PROBLEM
Give again, word for word, each line below starting at the one that contains "(forall v, V v -> M (g v)) /\" and ending at the one that contains "Definition nilrad (x".

GIVEN ENTRIES
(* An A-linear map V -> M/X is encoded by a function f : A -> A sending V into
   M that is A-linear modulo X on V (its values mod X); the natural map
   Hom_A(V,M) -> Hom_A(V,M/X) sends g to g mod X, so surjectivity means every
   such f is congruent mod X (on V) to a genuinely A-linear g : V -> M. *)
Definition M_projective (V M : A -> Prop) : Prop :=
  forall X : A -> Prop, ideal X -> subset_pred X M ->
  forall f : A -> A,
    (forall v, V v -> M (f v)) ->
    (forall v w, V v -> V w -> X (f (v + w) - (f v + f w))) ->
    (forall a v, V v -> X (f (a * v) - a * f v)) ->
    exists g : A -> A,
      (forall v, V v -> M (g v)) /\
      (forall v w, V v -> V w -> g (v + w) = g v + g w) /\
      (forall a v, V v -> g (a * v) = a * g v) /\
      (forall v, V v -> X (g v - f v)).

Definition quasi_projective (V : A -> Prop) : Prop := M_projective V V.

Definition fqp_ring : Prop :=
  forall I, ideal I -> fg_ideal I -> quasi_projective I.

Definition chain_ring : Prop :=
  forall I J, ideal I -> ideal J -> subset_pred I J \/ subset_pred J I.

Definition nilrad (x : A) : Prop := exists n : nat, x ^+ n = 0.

--

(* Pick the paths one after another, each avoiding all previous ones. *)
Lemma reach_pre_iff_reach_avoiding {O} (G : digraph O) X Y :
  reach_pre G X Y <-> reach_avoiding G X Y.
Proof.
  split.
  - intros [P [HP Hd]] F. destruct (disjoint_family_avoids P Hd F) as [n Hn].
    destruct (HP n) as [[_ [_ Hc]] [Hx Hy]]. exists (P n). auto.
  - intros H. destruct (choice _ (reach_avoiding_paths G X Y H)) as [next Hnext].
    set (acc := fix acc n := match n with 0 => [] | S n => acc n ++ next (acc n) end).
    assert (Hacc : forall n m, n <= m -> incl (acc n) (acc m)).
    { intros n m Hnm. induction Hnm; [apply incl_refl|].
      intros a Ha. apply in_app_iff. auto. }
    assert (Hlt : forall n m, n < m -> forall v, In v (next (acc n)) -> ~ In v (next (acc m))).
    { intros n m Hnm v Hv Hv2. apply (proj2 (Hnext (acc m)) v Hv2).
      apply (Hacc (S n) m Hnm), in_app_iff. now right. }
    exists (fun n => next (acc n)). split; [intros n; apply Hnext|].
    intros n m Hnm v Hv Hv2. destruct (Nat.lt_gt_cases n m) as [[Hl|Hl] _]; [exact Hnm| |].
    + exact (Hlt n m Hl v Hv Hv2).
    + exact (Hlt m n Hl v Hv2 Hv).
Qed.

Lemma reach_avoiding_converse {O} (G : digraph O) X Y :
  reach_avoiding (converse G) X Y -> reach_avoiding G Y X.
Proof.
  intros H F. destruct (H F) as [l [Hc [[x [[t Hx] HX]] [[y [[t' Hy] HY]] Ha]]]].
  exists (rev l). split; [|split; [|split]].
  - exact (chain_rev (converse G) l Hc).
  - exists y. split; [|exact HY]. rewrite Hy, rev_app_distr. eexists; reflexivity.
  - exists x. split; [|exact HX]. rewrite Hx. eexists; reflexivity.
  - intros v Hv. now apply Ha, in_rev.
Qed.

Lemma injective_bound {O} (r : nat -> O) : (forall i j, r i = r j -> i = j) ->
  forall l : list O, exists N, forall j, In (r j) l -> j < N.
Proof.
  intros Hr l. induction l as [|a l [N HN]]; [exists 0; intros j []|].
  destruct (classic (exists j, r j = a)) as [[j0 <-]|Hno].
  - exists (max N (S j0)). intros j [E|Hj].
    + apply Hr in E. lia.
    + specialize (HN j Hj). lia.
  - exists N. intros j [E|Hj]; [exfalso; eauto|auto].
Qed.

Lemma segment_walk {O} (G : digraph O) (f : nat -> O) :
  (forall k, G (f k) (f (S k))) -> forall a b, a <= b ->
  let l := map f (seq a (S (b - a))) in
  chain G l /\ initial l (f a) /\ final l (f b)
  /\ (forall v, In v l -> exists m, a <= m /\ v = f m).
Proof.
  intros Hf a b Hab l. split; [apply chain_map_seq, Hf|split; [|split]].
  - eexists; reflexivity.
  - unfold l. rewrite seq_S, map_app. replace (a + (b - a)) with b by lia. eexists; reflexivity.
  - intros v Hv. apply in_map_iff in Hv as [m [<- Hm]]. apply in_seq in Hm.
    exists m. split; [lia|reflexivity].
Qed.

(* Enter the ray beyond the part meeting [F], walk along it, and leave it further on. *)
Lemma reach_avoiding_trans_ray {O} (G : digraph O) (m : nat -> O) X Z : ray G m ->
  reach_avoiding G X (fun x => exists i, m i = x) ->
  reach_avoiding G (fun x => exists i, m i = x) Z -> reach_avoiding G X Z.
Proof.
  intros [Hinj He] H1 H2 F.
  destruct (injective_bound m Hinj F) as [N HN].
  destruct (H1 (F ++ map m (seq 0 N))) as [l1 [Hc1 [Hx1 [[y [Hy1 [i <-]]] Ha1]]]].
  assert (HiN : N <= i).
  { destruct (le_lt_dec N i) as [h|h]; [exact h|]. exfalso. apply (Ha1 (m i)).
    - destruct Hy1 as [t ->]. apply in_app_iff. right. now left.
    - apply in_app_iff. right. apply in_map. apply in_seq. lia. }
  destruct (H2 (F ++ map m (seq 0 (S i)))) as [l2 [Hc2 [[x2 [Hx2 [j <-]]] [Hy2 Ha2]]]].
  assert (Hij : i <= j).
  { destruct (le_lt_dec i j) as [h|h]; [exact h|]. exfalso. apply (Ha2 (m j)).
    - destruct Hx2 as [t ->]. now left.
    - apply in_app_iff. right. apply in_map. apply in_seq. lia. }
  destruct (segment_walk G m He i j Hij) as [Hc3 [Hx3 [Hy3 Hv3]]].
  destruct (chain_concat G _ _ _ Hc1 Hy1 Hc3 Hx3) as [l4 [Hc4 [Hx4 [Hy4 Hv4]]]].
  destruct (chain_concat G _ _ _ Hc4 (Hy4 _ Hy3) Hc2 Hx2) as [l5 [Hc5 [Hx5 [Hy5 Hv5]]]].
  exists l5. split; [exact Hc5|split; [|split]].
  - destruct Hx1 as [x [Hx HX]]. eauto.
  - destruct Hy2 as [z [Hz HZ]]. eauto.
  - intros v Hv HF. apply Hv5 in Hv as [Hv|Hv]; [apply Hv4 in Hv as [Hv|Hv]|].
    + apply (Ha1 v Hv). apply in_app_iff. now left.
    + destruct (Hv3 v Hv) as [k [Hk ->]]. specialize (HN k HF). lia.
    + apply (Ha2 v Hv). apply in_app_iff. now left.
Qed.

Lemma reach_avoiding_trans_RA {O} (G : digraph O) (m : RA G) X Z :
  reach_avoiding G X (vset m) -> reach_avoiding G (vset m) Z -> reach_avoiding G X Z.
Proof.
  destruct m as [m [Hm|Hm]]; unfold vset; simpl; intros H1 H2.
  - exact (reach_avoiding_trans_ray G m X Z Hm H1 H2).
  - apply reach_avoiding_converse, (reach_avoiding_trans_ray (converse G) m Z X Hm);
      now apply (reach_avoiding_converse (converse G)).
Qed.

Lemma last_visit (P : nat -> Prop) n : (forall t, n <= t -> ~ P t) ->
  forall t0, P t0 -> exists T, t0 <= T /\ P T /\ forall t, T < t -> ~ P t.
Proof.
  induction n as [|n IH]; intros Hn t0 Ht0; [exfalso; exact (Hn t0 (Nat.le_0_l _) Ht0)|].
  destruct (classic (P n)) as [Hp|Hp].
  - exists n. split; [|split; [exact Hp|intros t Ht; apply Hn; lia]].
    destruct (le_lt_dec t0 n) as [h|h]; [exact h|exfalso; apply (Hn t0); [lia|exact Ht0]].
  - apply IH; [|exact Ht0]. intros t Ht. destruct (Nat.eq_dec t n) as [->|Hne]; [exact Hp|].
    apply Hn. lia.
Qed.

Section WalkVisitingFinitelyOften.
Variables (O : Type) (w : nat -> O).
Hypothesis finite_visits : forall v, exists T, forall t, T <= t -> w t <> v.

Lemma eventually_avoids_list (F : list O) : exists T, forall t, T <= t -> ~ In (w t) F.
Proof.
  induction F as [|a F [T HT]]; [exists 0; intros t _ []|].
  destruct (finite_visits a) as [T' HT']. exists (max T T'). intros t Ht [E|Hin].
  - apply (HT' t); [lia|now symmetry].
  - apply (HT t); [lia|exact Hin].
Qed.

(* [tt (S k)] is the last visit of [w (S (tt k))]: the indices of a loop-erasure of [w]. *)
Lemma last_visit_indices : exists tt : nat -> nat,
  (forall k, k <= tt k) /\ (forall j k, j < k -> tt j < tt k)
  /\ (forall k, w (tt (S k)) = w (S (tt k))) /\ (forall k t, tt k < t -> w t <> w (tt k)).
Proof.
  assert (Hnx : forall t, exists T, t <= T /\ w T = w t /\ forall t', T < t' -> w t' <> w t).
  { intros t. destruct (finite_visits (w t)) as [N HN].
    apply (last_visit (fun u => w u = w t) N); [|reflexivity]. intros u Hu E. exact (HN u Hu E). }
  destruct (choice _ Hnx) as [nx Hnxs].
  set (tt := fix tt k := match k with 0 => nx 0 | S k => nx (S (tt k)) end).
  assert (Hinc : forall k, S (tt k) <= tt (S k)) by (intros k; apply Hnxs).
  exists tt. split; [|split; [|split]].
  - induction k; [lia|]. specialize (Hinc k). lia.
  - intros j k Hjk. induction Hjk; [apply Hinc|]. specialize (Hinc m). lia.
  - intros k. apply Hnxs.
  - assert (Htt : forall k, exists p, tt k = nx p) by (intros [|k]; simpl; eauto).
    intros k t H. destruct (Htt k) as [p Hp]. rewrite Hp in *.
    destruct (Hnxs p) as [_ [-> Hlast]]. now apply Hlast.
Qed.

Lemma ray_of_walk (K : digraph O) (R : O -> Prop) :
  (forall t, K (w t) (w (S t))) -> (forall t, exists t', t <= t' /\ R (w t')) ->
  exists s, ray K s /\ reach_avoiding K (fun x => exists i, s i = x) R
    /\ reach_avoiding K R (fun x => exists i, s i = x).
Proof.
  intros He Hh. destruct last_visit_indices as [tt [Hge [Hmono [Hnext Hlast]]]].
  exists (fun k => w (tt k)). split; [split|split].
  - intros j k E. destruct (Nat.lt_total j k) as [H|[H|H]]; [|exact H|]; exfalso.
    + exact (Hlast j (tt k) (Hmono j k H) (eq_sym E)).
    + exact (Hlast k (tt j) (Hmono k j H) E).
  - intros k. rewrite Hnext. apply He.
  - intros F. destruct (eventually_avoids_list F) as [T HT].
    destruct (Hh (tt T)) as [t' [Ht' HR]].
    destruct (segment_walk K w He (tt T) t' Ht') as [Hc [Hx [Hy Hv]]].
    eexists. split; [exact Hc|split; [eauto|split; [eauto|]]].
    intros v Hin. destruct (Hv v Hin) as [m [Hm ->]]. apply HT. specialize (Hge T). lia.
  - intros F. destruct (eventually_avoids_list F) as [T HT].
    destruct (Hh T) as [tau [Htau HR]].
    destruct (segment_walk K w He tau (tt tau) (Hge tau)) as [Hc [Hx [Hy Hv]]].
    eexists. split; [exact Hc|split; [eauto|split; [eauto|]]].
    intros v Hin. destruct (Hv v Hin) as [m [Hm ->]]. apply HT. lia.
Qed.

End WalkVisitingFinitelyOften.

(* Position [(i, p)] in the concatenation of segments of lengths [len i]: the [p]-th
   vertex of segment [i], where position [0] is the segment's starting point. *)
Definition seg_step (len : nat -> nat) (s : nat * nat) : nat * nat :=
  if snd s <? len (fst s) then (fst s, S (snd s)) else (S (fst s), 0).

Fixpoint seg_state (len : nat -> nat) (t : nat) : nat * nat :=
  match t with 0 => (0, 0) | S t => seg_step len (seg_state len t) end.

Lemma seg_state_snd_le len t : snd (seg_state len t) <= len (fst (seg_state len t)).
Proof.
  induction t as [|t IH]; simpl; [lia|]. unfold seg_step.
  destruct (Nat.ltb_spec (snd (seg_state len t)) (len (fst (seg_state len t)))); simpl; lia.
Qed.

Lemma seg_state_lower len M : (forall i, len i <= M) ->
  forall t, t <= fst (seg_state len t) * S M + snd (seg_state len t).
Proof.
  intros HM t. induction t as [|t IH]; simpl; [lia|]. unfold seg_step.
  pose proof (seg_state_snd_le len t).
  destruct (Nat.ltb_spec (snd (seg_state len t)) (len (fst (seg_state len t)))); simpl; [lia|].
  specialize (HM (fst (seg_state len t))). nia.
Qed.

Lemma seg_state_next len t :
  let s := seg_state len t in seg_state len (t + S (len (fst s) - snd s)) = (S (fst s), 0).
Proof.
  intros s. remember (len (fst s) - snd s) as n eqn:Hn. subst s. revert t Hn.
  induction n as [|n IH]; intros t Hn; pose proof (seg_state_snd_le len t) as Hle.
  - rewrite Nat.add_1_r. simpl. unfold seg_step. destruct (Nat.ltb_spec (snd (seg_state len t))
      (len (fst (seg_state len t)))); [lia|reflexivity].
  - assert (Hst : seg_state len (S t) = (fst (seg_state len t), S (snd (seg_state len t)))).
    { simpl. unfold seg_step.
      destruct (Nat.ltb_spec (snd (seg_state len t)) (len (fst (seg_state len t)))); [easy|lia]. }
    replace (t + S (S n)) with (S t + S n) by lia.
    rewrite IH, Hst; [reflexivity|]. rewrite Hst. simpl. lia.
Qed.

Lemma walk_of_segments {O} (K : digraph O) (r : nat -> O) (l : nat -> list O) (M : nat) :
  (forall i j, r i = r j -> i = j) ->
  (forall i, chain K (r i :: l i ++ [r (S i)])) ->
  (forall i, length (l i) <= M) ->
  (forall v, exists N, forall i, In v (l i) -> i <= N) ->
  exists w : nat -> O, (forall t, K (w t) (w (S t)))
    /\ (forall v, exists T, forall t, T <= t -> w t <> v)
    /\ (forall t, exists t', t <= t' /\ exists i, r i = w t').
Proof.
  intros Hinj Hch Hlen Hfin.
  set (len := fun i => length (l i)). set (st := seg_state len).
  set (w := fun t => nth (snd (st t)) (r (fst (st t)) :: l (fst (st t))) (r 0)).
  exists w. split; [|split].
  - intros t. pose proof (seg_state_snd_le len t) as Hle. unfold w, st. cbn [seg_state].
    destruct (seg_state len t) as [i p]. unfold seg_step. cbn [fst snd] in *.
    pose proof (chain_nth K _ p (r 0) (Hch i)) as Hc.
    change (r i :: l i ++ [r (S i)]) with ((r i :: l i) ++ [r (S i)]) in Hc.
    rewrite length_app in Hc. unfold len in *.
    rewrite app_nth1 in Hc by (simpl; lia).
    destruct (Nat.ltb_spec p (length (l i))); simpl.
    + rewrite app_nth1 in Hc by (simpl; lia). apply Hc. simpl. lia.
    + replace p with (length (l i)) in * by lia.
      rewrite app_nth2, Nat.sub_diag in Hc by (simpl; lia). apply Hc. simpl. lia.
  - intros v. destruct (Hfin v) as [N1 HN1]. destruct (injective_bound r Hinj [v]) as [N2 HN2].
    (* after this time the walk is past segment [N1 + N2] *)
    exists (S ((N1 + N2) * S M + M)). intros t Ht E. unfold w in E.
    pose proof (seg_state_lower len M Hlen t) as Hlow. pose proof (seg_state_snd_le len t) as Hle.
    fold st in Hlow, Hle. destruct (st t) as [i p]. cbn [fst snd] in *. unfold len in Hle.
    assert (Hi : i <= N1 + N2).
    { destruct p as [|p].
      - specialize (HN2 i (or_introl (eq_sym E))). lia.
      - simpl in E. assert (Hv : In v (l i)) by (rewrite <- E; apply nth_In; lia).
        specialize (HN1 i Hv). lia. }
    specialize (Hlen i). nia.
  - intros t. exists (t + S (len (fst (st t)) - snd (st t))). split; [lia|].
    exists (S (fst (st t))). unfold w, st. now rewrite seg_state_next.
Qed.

ANSWER TO THIS EXERCISE
      (forall v, V v -> M (g v)) /\
      (forall v w, V v -> V w -> g (v + w) = g v + g w) /\
      (forall a v, V v -> g (a * v) = a * g v) /\
      (forall v, V v -> X (g v - f v)).

Definition quasi_projective (V : A -> Prop) : Prop := M_projective V V.

Definition fqp_ring : Prop :=
  forall I, ideal I -> fg_ideal I -> quasi_projective I.

Definition chain_ring : Prop :=
  forall I J, ideal I -> ideal J -> subset_pred I J \/ subset_pred J I.

Definition nilrad (x : A) : Prop := exists n : nat, x ^+ n = 0.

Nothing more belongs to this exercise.